[Collected data entries]

(* Let $a,b$ be real numbers with $b\ge a>1$. Then the functions $$W(t)=\sum_{j=0}^\infty a^{-j}\cos(b^jt),\qquad S(t)=\sum_{j=0}^\infty a^{-j}\sin(b^jt),\qquad t\in\mathbb{R},$$ are bounded and continuous on $\mathbb{R}$, but neither $W$ nor $S$ is differentiable at any point $t_0\in\mathbb{R}$. *)

From Stdlib Require Import Reals.
Open Scope R_scope.

Definition W_term (a b t : R) (j : nat) : R := / (a ^ j) * cos (b ^ j * t).
Definition S_term (a b t : R) (j : nat) : R := / (a ^ j) * sin (b ^ j * t).

Definition bounded_R (f : R -> R) : Prop := exists M : R, forall t : R, Rabs (f t) <= M.

Definition differentiable_at (f : R -> R) (x : R) : Prop :=
  exists l : R, derivable_pt_lim f x l.

From Stdlib Require Import Reals Lra Lia.
From Coquelicot Require Import Coquelicot.
Open Scope R_scope.

(* W and S are the phases c = 0 and c = -π/2 of Σ_j a^-j cos (b^j t + c).  The geometric
   majorant Σ a^-j gives convergence, boundedness and continuity.  For nowhere
   differentiability take the kernel φ(u) = cos u / 2 + cos ((1+h) u) / 4 + cos ((1-h) u) / 4
   on [-L, L] with L = 2Kπ, h = 1/(2K): it annihilates affine functions, its cosine transform
   is L/2 at frequency 1 and is O(λ²) for λ <= 1/b and O(1/λ) for λ >= b, with constants
   O(1/K).  If f'(t0) = l, integrating f (t0 + (u + α)/b^k) - f t0 - l (u + α)/b^k against φ
   gives o(b^-k).  Expanding the series termwise, the term j = k contributes
   a^-k cos (b^k t0 + c + α) L/2 and, for K large, all other terms together at most a^-k.
   Since a <= b, this forces |cos (b^k t0 + c + α)| <= 3/L eventually, for α = 0 and
   α = π/2 alike, which contradicts cos² + sin² = 1. *)

Lemma is_RInt_ext_val (f g : R -> R) (a b v w : R) :
  (forall x, f x = g x) -> v = w -> is_RInt f a b v -> is_RInt g a b w.
Proof. intros Hfg <-. apply (is_RInt_ext f); auto. Qed.

(* [int0_cos L mu] is [∫_0^L cos (mu u) du]. *)
Definition int0_cos (L mu : R) : R := if Req_EM_T mu 0 then L else sin (mu * L) / mu.

Lemma is_RInt_cos_affine (L th mu : R) :
  is_RInt (fun u => cos (th + mu * u)) (-L) L (2 * cos th * int0_cos L mu).
Proof.
  unfold int0_cos. destruct (Req_EM_T mu 0) as [->|Hmu].
  - apply is_RInt_ext_val with (fun _ => cos th) (scal (L - - L) (cos th)).
    + intros; f_equal; ring.
    + unfold scal; simpl; unfold mult; simpl; ring.
    + exact (is_RInt_const (V:=R_NormedModule) (-L) L (cos th)).
  - set (F u := sin (th + mu * u) / mu).
    apply is_RInt_ext_val with (fun u => cos (th + mu * u)) (minus (F L) (F (-L))); auto.
    + unfold minus, plus, opp, F; simpl.
      replace (th + mu * - L) with (th - mu * L) by ring.
      rewrite sin_plus, sin_minus. field. auto.
    + apply (is_RInt_derive F).
      * intros x _. unfold F. auto_derive; auto. field. auto.
      * intros x _. apply (ex_derive_continuous (K:=R_AbsRing) (V:=R_NormedModule)).
        auto_derive. auto.
Qed.

Lemma is_RInt_id_mul_cos (L w : R) : w <> 0 ->
  is_RInt (fun u => u * cos (w * u)) (-L) L 0.
Proof.
  intros Hw. set (F u := u * sin (w * u) / w + cos (w * u) / (w * w)).
  apply is_RInt_ext_val with (fun u => u * cos (w * u)) (minus (F L) (F (-L))); auto.
  - unfold minus, plus, opp, F; simpl.
    replace (w * - L) with (- (w * L)) by ring.
    rewrite sin_neg, cos_neg. field. auto.
  - apply (is_RInt_derive F).
    + intros x _. unfold F. auto_derive; auto. field. auto.
    + intros x _. apply (ex_derive_continuous (K:=R_AbsRing) (V:=R_NormedModule)).
      auto_derive. auto.
Qed.

Lemma cos_mul_cos_affine (w th lam u : R) :
  cos (w * u) * cos (th + lam * u) = /2 * (cos (th + (lam - w) * u) + cos (th + (lam + w) * u)).
Proof.
  replace (th + (lam - w) * u) with ((th + lam * u) - w * u) by ring.
  replace (th + (lam + w) * u) with ((th + lam * u) + w * u) by ring.
  rewrite (cos_minus (th + lam * u)), (cos_plus (th + lam * u)). field.
Qed.

Lemma is_RInt_cos_mul_cos_affine (L w th lam : R) :
  is_RInt (fun u => cos (w * u) * cos (th + lam * u)) (-L) L
    (cos th * (int0_cos L (lam - w) + int0_cos L (lam + w))).
Proof.
  apply is_RInt_ext_val
    with (fun u => /2 * (cos (th + (lam - w) * u) + cos (th + (lam + w) * u)))
         (/2 * (2 * cos th * int0_cos L (lam - w) + 2 * cos th * int0_cos L (lam + w))).
  - intros; rewrite cos_mul_cos_affine; reflexivity.
  - field.
  - apply (is_RInt_scal (V:=R_NormedModule)), (is_RInt_plus (V:=R_NormedModule));
      apply is_RInt_cos_affine.
Qed.

Definition kernel (h u : R) : R := /2 * cos u + /4 * cos ((1 + h) * u) + /4 * cos ((1 - h) * u).

(* [kernel_ft L h lam] is [∫_{-L}^{L} kernel h u * cos (lam u) du]. *)
Definition kernel_ft (L h lam : R) : R :=
  /2 * (int0_cos L (lam - 1) + int0_cos L (lam + 1))
  + /4 * (int0_cos L (lam - (1 + h)) + int0_cos L (lam + (1 + h)))
  + /4 * (int0_cos L (lam - (1 - h)) + int0_cos L (lam + (1 - h))).

Lemma Rabs_kernel_le (h u : R) : Rabs (kernel h u) <= 1.
Proof.
  unfold kernel. pose proof (COS_bound u). pose proof (COS_bound ((1 + h) * u)).
  pose proof (COS_bound ((1 - h) * u)). apply Rabs_le. lra.
Qed.

Lemma is_RInt_kernel_cos_affine (L h th lam : R) :
  is_RInt (fun u => kernel h u * cos (th + lam * u)) (-L) L (cos th * kernel_ft L h lam).
Proof.
  apply is_RInt_ext_val
    with (fun u => /2 * (cos (1 * u) * cos (th + lam * u))
                   + /4 * (cos ((1 + h) * u) * cos (th + lam * u))
                   + /4 * (cos ((1 - h) * u) * cos (th + lam * u)))
         (/2 * (cos th * (int0_cos L (lam - 1) + int0_cos L (lam + 1)))
          + /4 * (cos th * (int0_cos L (lam - (1 + h)) + int0_cos L (lam + (1 + h))))
          + /4 * (cos th * (int0_cos L (lam - (1 - h)) + int0_cos L (lam + (1 - h))))).
  - intros u; unfold kernel; rewrite Rmult_1_l; ring.
  - unfold kernel_ft; ring.
  - apply (is_RInt_plus (V:=R_NormedModule)); [apply (is_RInt_plus (V:=R_NormedModule))|];
      apply (is_RInt_scal (V:=R_NormedModule)), is_RInt_cos_mul_cos_affine.
Qed.

Lemma is_RInt_cos_mul_affine (L w c0 c1 : R) : w <> 0 -> sin (w * L) = 0 ->
  is_RInt (fun u => cos (w * u) * (c0 + c1 * u)) (-L) L 0.
Proof.
  intros Hw Hs.
  apply is_RInt_ext_val with (fun u => c0 * cos (0 + w * u) + c1 * (u * cos (w * u)))
    (c0 * (2 * cos 0 * int0_cos L w) + c1 * 0).
  - intros u. rewrite Rplus_0_l. ring.
  - unfold int0_cos. destruct (Req_EM_T w 0); [contradiction|]. rewrite Hs. field. auto.
  - apply (is_RInt_plus (V:=R_NormedModule)); apply (is_RInt_scal (V:=R_NormedModule));
      [apply is_RInt_cos_affine | apply is_RInt_id_mul_cos; auto].
Qed.

Lemma is_RInt_kernel_affine (L h c0 c1 : R) : 0 < h < 1 ->
  sin L = 0 -> sin ((1 + h) * L) = 0 -> sin ((1 - h) * L) = 0 ->
  is_RInt (fun u => kernel h u * (c0 + c1 * u)) (-L) L 0.
Proof.
  intros Hh H1 H2 H3.
  apply is_RInt_ext_val
    with (fun u => /2 * (cos (1 * u) * (c0 + c1 * u)) + /4 * (cos ((1 + h) * u) * (c0 + c1 * u))
                   + /4 * (cos ((1 - h) * u) * (c0 + c1 * u)))
         (/2 * 0 + /4 * 0 + /4 * 0).
  - intros u; unfold kernel; rewrite Rmult_1_l; ring.
  - ring.
  - apply (is_RInt_plus (V:=R_NormedModule)); [apply (is_RInt_plus (V:=R_NormedModule))|];
      apply (is_RInt_scal (V:=R_NormedModule)), is_RInt_cos_mul_affine;
      rewrite ?Rmult_1_l; auto; lra.
Qed.

Lemma sin_sub_PI (x : R) : sin (x - PI) = - sin x.
Proof. rewrite sin_minus, sin_PI, cos_PI. ring. Qed.

Definition kernel_ft_formula (h lam s : R) : R :=
  - s * (lam * (h * h) * (lam * lam + 3 - h * h))
  / ((lam * lam - 1) * (lam * lam - (1 + h) * (1 + h)) * (lam * lam - (1 - h) * (1 - h))).

(* With [L = 2Kπ] and [h L = π], the frequencies [1] and [1 ± h] each complete a whole
   number of periods on [[-L, L]]: the kernel annihilates affine functions and its
   transform is explicit. *)
Section ResonantKernel.
Variable K : nat.
Hypothesis HK : (1 <= K)%nat.
Let L := 2 * INR K * PI.
Let h := / (2 * INR K).

Lemma INR_K_ge1 : 1 <= INR K.
Proof. apply (le_INR 1). exact HK. Qed.

Lemma h_pos : 0 < h.
Proof. unfold h. pose proof INR_K_ge1. apply Rinv_0_lt_compat. lra. Qed.

Lemma h_le_half : h <= /2.
Proof. unfold h. pose proof INR_K_ge1. apply Rinv_le_contravar; lra. Qed.

Lemma L_pos : 0 < L.
Proof. unfold L. pose proof INR_K_ge1. pose proof PI_RGT_0. nra. Qed.

Lemma h_mul_L : h * L = PI.
Proof. unfold h, L. pose proof INR_K_ge1. field. lra. Qed.

Lemma sin_add_L (x : R) : sin (x + L) = sin x.
Proof. apply sin_period. Qed.

Lemma sin_sub_L (x : R) : sin (x - L) = sin x.
Proof. rewrite <- (sin_add_L (x - L)). f_equal; ring. Qed.

Lemma sin_add_1ph_L (x : R) : sin (x + (1 + h) * L) = - sin x.
Proof.
  replace (x + (1 + h) * L) with ((x + L) + PI) by (rewrite <- h_mul_L; ring).
  rewrite neg_sin, sin_add_L. reflexivity.
Qed.

Lemma sin_sub_1ph_L (x : R) : sin (x - (1 + h) * L) = - sin x.
Proof.
  replace (x - (1 + h) * L) with ((x - L) - PI) by (rewrite <- h_mul_L; ring).
  rewrite sin_sub_PI, sin_sub_L. reflexivity.
Qed.

Lemma sin_add_1mh_L (x : R) : sin (x + (1 - h) * L) = - sin x.
Proof.
  replace (x + (1 - h) * L) with ((x + L) - PI) by (rewrite <- h_mul_L; ring).
  rewrite sin_sub_PI, sin_add_L. reflexivity.
Qed.

Lemma sin_sub_1mh_L (x : R) : sin (x - (1 - h) * L) = - sin x.
Proof.
  replace (x - (1 - h) * L) with ((x - L) + PI) by (rewrite <- h_mul_L; ring).
  rewrite neg_sin, sin_sub_L. reflexivity.
Qed.

Lemma is_RInt_resonant_kernel_affine (c0 c1 : R) :
  is_RInt (fun u => kernel h u * (c0 + c1 * u)) (-L) L 0.
Proof.
  pose proof h_pos; pose proof h_le_half.
  apply is_RInt_kernel_affine; [lra | | |].
  - rewrite <- (Rplus_0_l L), sin_add_L. apply sin_0.
  - rewrite <- (Rplus_0_l ((1 + h) * L)), sin_add_1ph_L, sin_0. ring.
  - rewrite <- (Rplus_0_l ((1 - h) * L)), sin_add_1mh_L, sin_0. ring.
Qed.

Lemma kernel_ft_1 : kernel_ft L h 1 = L / 2.
Proof.
  pose proof h_pos. pose proof h_le_half.
  unfold kernel_ft, int0_cos.
  destruct (Req_EM_T (1 - 1) 0); [|lra].
  destruct (Req_EM_T (1 + 1) 0); [lra|].
  destruct (Req_EM_T (1 - (1 + h)) 0); [lra|].
  destruct (Req_EM_T (1 + (1 + h)) 0); [lra|].
  destruct (Req_EM_T (1 - (1 - h)) 0); [lra|].
  destruct (Req_EM_T (1 + (1 - h)) 0); [lra|].
  replace ((1 + 1) * L) with (0 + L + L) by ring.
  replace ((1 - (1 + h)) * L) with (0 - h * L) by ring.
  replace ((1 + (1 + h)) * L) with ((0 + L) + (1 + h) * L) by ring.
  replace ((1 - (1 - h)) * L) with (0 + h * L) by ring.
  replace ((1 + (1 - h)) * L) with ((0 + L) + (1 - h) * L) by ring.
  rewrite h_mul_L, sin_add_1ph_L, sin_add_1mh_L, !sin_add_L, sin_sub_PI, neg_sin, sin_0.
  field. split; lra.
Qed.

Lemma kernel_ft_closed (lam : R) : 0 < lam -> lam <> 1 -> lam <> 1 + h -> lam <> 1 - h ->
  kernel_ft L h lam = kernel_ft_formula h lam (sin (lam * L)).
Proof.
  intros H0 H1 H2 H3. pose proof h_pos. pose proof h_le_half.
  unfold kernel_ft, kernel_ft_formula, int0_cos.
  destruct (Req_EM_T (lam - 1) 0); [lra|].
  destruct (Req_EM_T (lam + 1) 0); [lra|].
  destruct (Req_EM_T (lam - (1 + h)) 0); [lra|].
  destruct (Req_EM_T (lam + (1 + h)) 0); [lra|].
  destruct (Req_EM_T (lam - (1 - h)) 0); [lra|].
  destruct (Req_EM_T (lam + (1 - h)) 0); [lra|].
  replace ((lam - 1) * L) with (lam * L - L) by ring.
  replace ((lam + 1) * L) with (lam * L + L) by ring.
  replace ((lam - (1 + h)) * L) with (lam * L - (1 + h) * L) by ring.
  replace ((lam + (1 + h)) * L) with (lam * L + (1 + h) * L) by ring.
  replace ((lam - (1 - h)) * L) with (lam * L - (1 - h) * L) by ring.
  replace ((lam + (1 - h)) * L) with (lam * L + (1 - h) * L) by ring.
  rewrite sin_add_1ph_L, sin_sub_1ph_L, sin_add_1mh_L, sin_sub_1mh_L, sin_add_L, sin_sub_L.
  assert (lam * lam - 1 <> 0) by
    (replace (lam * lam - 1) with ((lam - 1) * (lam + 1)) by ring; apply Rmult_integral_contrapositive; lra).
  assert (lam * lam - (1 + h) * (1 + h) <> 0) by
    (replace (lam * lam - (1 + h) * (1 + h)) with ((lam - (1 + h)) * (lam + (1 + h))) by ring;
     apply Rmult_integral_contrapositive; lra).
  assert (lam * lam - (1 - h) * (1 - h) <> 0) by
    (replace (lam * lam - (1 - h) * (1 - h)) with ((lam - (1 - h)) * (lam + (1 - h))) by ring;
     apply Rmult_integral_contrapositive; lra).
  field. repeat split; lra.
Qed.

End ResonantKernel.

Lemma Rdiv_le_compat (X X' Y Y' : R) : 0 <= X <= X' -> 0 < Y' <= Y -> X / Y <= X' / Y'.
Proof.
  intros [H1 H2] [H3 H4]. unfold Rdiv.
  apply Rmult_le_compat; try lra.
  - left; apply Rinv_0_lt_compat; lra.
  - apply Rinv_le_contravar; lra.
Qed.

[AIM OF THE TASK]
Scan the entries above and show each line that contains the word "Prop".

[SOLUTION TO THE EXERCISE]
Definition bounded_R (f : R -> R) : Prop := exists M : R, forall t : R, Rabs (f t) <= M.
Definition differentiable_at (f : R -> R) (x : R) : Prop :=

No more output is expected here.